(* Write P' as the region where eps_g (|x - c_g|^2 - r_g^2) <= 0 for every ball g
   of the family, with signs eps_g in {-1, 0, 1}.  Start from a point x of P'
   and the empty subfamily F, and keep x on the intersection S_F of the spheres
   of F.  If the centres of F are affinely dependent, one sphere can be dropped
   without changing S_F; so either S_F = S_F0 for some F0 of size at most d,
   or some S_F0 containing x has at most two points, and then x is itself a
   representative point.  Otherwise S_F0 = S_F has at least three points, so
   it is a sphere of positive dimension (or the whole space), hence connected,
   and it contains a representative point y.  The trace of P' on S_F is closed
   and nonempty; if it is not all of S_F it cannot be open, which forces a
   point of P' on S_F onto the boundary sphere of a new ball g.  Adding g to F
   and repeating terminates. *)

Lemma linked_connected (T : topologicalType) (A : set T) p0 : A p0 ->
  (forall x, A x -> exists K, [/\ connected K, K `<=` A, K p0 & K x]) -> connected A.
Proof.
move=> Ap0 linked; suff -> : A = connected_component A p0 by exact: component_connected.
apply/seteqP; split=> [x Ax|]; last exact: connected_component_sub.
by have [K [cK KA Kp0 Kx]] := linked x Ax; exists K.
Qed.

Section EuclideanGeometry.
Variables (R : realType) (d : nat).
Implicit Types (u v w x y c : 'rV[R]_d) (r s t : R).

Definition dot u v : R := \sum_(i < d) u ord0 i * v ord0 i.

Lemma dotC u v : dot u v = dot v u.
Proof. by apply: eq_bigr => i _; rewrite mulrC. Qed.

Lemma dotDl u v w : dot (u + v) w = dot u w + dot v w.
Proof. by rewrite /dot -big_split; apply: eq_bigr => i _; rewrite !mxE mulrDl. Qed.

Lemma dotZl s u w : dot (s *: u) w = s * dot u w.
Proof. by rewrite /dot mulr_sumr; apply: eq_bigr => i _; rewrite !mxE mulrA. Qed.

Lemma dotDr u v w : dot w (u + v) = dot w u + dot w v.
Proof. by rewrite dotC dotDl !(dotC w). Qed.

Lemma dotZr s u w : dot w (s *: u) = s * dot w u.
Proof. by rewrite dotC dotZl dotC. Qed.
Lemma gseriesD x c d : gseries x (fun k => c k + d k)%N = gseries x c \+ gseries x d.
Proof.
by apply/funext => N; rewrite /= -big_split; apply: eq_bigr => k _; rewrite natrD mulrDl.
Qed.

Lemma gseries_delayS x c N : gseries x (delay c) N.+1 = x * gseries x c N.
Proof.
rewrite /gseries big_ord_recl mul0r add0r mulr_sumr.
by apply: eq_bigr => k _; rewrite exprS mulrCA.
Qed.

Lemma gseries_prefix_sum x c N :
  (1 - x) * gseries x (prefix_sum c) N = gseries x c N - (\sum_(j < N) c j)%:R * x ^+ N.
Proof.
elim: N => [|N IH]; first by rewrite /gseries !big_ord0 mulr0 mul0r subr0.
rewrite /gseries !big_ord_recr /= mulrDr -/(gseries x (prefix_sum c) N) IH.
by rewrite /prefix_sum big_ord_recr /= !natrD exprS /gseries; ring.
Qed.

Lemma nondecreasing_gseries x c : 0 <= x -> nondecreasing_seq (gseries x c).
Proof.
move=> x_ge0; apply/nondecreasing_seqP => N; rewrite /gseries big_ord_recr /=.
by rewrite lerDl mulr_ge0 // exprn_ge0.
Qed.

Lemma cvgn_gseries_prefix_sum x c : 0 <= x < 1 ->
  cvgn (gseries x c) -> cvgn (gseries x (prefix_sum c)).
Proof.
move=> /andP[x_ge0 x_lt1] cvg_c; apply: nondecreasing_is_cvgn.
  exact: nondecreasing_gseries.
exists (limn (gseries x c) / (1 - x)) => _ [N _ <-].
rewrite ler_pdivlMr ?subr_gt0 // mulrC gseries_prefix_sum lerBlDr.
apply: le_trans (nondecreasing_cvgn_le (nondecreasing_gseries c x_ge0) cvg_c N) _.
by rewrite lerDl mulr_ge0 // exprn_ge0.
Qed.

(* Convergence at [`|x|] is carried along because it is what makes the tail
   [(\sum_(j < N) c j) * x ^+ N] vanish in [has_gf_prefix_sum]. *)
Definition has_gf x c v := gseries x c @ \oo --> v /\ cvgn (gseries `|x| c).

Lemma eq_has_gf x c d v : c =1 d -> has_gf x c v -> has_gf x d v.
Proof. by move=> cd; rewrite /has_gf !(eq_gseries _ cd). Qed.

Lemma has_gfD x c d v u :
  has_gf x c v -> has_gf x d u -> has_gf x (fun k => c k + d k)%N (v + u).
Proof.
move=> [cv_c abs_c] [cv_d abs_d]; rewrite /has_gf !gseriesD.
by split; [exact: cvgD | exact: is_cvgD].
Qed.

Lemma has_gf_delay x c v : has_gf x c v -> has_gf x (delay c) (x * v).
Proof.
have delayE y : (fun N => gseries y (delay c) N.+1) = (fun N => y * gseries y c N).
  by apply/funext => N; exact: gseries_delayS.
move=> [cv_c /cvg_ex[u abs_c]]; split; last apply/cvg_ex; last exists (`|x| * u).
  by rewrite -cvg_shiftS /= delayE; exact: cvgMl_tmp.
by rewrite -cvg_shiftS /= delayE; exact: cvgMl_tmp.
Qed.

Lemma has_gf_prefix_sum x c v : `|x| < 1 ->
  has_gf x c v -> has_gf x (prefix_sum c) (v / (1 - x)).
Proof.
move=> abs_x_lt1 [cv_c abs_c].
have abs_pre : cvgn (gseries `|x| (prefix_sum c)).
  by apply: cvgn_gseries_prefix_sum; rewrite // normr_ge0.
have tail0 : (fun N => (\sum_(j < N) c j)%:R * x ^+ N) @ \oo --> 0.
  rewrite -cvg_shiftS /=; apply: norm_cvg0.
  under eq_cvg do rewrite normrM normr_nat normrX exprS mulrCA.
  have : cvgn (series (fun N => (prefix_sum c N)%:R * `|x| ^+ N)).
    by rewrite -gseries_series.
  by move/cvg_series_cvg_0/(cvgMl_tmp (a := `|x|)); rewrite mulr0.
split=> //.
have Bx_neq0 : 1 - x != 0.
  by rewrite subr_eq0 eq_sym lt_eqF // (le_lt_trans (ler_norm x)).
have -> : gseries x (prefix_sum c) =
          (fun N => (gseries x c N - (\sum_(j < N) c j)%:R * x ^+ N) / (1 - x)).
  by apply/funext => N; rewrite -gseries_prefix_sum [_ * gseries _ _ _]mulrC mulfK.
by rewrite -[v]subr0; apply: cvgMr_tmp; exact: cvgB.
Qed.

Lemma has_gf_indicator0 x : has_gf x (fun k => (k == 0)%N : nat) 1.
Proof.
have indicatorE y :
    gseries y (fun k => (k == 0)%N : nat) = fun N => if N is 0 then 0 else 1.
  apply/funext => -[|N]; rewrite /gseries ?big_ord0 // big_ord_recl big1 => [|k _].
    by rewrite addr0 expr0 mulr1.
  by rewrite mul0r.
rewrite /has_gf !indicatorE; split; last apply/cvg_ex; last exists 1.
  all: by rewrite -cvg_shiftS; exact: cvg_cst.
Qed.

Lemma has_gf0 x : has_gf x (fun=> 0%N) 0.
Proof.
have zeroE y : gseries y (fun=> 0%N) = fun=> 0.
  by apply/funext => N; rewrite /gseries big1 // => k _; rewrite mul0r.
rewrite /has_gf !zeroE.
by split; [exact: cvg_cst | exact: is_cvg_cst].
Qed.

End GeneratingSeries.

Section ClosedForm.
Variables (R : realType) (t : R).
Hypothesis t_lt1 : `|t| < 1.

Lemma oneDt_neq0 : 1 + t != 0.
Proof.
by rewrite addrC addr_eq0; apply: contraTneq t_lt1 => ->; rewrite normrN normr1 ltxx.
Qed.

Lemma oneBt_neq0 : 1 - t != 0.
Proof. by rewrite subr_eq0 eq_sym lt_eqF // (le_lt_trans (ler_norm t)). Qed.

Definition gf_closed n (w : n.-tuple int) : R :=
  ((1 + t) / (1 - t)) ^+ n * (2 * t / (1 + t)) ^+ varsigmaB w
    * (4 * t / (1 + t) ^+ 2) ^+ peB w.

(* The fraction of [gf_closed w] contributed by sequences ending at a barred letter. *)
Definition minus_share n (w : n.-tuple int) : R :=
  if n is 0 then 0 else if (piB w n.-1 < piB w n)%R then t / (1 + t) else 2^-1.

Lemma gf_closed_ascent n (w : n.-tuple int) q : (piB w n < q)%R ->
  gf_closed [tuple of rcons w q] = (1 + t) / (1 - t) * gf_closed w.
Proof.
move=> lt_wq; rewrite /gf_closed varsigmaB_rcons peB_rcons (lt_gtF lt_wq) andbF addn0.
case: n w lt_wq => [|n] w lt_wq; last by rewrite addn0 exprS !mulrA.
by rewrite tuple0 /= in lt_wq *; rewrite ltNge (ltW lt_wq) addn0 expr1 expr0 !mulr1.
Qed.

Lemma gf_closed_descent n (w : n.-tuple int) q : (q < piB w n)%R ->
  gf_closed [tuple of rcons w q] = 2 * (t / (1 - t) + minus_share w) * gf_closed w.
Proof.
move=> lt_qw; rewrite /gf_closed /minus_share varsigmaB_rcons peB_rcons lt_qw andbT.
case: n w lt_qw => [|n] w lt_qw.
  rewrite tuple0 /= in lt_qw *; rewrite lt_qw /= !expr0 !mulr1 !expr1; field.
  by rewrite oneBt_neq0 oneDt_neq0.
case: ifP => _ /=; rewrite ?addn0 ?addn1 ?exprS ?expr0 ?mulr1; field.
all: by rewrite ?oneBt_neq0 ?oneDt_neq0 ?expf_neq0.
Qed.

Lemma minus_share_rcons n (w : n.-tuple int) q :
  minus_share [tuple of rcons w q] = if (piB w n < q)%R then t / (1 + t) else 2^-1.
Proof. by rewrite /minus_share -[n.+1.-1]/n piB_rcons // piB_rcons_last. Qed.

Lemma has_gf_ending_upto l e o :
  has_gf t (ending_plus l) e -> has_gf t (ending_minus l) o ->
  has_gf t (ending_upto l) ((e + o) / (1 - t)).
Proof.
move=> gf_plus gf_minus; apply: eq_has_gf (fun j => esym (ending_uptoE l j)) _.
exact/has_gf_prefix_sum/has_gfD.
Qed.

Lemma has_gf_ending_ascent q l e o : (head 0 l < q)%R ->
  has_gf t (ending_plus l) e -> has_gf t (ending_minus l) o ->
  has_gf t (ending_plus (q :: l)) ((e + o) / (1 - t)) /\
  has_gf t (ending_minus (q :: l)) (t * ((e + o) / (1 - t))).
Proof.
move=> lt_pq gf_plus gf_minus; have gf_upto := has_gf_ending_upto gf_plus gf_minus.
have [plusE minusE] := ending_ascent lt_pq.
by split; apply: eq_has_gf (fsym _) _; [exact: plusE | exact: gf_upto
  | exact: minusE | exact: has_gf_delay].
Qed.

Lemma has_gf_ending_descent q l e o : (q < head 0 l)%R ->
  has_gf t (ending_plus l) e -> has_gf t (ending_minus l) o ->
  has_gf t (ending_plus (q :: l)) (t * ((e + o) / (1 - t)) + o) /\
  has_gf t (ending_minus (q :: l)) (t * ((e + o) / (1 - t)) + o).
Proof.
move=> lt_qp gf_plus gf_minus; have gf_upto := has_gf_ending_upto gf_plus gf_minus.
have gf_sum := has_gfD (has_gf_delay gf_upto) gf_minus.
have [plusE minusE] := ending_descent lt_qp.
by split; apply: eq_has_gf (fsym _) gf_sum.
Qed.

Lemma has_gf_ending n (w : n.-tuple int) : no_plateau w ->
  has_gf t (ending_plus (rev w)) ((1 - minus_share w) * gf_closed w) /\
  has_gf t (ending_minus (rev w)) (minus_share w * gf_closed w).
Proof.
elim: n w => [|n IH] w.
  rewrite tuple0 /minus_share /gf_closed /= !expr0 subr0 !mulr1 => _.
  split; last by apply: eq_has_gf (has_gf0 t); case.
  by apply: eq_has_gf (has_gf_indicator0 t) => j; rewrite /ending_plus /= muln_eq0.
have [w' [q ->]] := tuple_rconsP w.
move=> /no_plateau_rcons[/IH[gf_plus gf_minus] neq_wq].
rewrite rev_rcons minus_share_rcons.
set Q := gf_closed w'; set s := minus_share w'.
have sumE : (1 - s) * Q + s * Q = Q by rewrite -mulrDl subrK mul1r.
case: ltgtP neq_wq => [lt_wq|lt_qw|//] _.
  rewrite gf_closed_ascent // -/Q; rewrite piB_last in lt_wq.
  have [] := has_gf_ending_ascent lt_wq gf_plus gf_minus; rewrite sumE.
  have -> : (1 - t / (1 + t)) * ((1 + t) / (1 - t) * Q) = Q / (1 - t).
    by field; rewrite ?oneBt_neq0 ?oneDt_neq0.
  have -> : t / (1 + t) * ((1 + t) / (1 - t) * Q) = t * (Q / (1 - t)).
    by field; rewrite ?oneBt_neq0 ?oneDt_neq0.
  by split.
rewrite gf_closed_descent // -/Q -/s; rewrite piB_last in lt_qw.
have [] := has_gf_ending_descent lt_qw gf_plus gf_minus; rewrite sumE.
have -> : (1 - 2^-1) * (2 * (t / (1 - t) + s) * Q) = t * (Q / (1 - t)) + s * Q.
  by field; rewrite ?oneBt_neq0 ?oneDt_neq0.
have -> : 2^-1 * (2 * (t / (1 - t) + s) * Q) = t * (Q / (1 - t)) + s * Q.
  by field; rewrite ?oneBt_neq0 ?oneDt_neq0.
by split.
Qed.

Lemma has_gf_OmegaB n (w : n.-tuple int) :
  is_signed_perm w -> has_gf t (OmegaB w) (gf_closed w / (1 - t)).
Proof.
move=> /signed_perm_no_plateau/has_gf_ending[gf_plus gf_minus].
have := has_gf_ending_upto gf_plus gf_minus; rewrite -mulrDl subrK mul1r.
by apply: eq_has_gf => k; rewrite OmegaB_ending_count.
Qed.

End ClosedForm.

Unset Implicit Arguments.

####################

▶ _Problem statement_: Scan the records for the word "exprS", and copy each line where it is found.

▶ _Reply to the task_:
by apply: eq_bigr => k _; rewrite exprS mulrCA.
by rewrite /prefix_sum big_ord_recr /= !natrD exprS /gseries; ring.
  under eq_cvg do rewrite normrM normr_nat normrX exprS mulrCA.
case: n w lt_wq => [|n] w lt_wq; last by rewrite addn0 exprS !mulrA.
case: ifP => _ /=; rewrite ?addn0 ?addn1 ?exprS ?expr0 ?mulr1; field.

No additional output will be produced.